第四章 降清始末(7)(1 / 1)

隨後美婦又問起承疇家眷,知承疇上有老母,下有妻妾子女,她卻佯作淒惶的情狀,一雙俏眼,含淚兩眶,頓令承疇思家心動,不由的酸楚起來。那美婦又設詞勸慰,隨即提起玉壺,令承疇喝飲。承疇此時,已覺口渴,又被她美色所迷,便張開嘴喝了數口,把味一辨,乃是參湯。美婦知已入彀,索性與他暢說道:“我是清朝皇帝的妃子,特憐將軍而來。將軍今日死,於國無益,於家有害。”承疇道:“除死以外,尚有何法?難道真個降清不成?”美婦道:“實告將軍,我家皇帝,並不是要明室江山,所以屢次投書,與明議和,怎奈明帝輕信邪言,屢與此地反對,因此,常要打仗。今請將軍暫時降順,為我家皇帝主持和議,兩下息爭,一麵請將軍作一密書,報知明帝,說是身在滿洲,心在本國。現在明朝內亂相尋,聞知將軍為國調停,斷不至與將軍家屬為難。那時家也保了,國也報了,將來兩國議和,將軍在此固可,回國亦可,豈不是兩全之計麼?”這一席話,說得承疇心悅誠服,不由的歎息道:“語非不是,但不知汝家皇帝,肯容我這般舉動否?”美婦道:“這事包管在我身上。”言至此,複提起玉壺,與承疇喝了數口,令承疇說一允字,遂嫣然一笑,分花拂柳的出去。看官!你道這美婦是何人?便是太宗最寵愛的莊妃。因聞承疇不肯投降,她竟在太宗前,作一自薦的毛生,不料她竟勸降承疇,立了一個大大的功勞。

《清史演義》這個記述,在民間廣泛流傳。我寫作此書時,審閱有關洪承疇降清的所有能看到的史料,絕無“演義”中記述的這些內容。“演義”屬小說類,情節可以根據作者愛憎進行編造,本不足信。
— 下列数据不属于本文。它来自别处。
(* A symmetric idempotent is the orthogonal projection onto its image, and a subspace is
   determined by its orthogonal projection. If the V_j form an orthogonal decomposition of R^n
   that is also A_i-orthogonal, their projections e_j annihilate each other, sum to 1 and satisfy
   x^T A_i e_j y = (e_j x)^T A_i (e_j y); the right side is symmetric in x and y, so A_i e_j is
   symmetric. Conversely, for symmetric orthogonal idempotents e_j of the center we get
   e_j A_i = (A_i e_j)^T = A_i e_j, so their images are orthogonal and A_i-orthogonal.
   For the block form, Gram-Schmidt factors each e_j = B_j^T B_j with B_j B_j^T = 1; taking the
   rows of all the B_j as the columns of Q gives an orthogonal matrix, and the (j, l) block of
   Q^T A_i Q is B_j e_j A_i e_l B_l^T = 0 for j <> l. Conversely, the coordinate projections onto
   the blocks, conjugated by Q, are symmetric orthogonal idempotents commuting with the A_i. *)

Section OrthogonalProjection.
Variables (R : realType) (n : nat).
Implicit Types (M N P : 'M[R]_n) (x y v w : 'cV[R]_n) (U V : {vspace 'cV[R]_n}).

Lemma mx_col_ext M N : (forall x, M *m x = N *m x) -> M = N.
Proof.
move=> eqMN; apply/matrixP => i j.
have := congr1 (fun X : 'cV[R]_n => X i 0) (eqMN (delta_mx j 0)).
by rewrite -!colE !mxE.
Qed.

Lemma mx_bform_ext M N : (forall x y, bform M x y = bform N x y) -> M = N.
Proof.
move=> eqMN; apply/matrixP => i j.
have := eqMN (delta_mx i 0) (delta_mx j 0).
by rewrite /bform trmx_delta -!rowE -!colE !mxE.
Qed.

Lemma bformC M x y : M^T = M -> bform M x y = bform M y x.
Proof.
move=> MT; rewrite /bform; have -> : x^T *m M *m y = (y^T *m M *m x)^T.
  by rewrite !trmx_mul MT trmxK mulmxA.
by rewrite mxE.
Qed.

Lemma bform_sumr M x (I : finType) (y : I -> 'cV[R]_n) :
  bform M x (\sum_l y l) = \sum_l bform M x (y l).
Proof. by rewrite /bform mulmx_sumr summxE. Qed.

Lemma dotvBl x y v : dotv (x - y) v = dotv x v - dotv y v.
Proof. by rewrite /dotv !mxE -sumrB; apply: eq_bigr => k _; rewrite !mxE mulrBl. Qed.

Lemma dotv_ge0 x : 0 <= dotv x x.
Proof. by rewrite /dotv mxE; apply: sumr_ge0 => k _; rewrite mxE -expr2 sqr_ge0. Qed.

Lemma dotv_self_eq0 x : dotv x x = 0 -> x = 0.
Proof.
rewrite /dotv mxE => x0; apply/matrixP => i j; rewrite ord1 mxE.
have sq_ge0 (k : 'I_n) : 0 <= x^T 0 k * x k 0 by rewrite mxE -expr2 sqr_ge0.
have := psumr_eq0P (fun k _ => sq_ge0 k) x0 (i := i) isT.
by rewrite mxE -expr2 => /eqP; rewrite sqrf_eq0 => /eqP.
Qed.

Definition sym_idem_for V P :=
  [/\ P^T = P, P *m P = P & forall x, (x \in V) = (P *m x == x)].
顯然,這些編述的目的,在貶低洪承疇和貶損莊妃。

事實上,莊妃是不可能獨自一人去看望洪承疇的,起碼會有宮女隨從;而且,沈陽的清宮院落不是很大,皇太極住的清寧宮,與莊妃所住宮室在一個院落,莊妃的一舉一動其他嬪妃也能看得到。皇太極為顧及自己的顏麵,也不會同意莊妃去用“美人計”說降洪承疇,這是一般常識。況且,《清史演義》在講這個內容的第一句話就是:“原來洪承疇人本剛正,隻是有一樁好色的奇癖。”這話自然是醜化洪承疇的。實際上,洪承疇在個人生活上很遵守儒家道德,並沒有什麼風流之舉。莊妃說降洪承疇未必是曆史事實。但莊妃聰明賢慧,為皇太極出了勸降洪承疇的主意,倒還是有可能的。

張存仁等早年降清的漢臣,對招降洪承疇的確比較熱心。到四月初,都察院參政張存仁即上奏道:

今鬆錦既破……明國將帥有不人人破膽,處處惶懼者乎。臣觀洪承疇欣欣自得,僥幸再生,是能審天時,達世務,仰慕皇上為天授福德之真主。……洪承疇既幸得生,必思效用於我國,似不宜久加拘禁,應速令薙發,酌加任用,使明國之主,聞之寒心;在廷文臣,聞之奪氣。蓋皇上特為文臣之歸順者開一生路也,且洪承疇身係書生,養於我國,譬如孤羊在檻阱之中,蠅飛無百步之力耳,縱之何所能,禁之何所用,此恩養之不宜薄者也。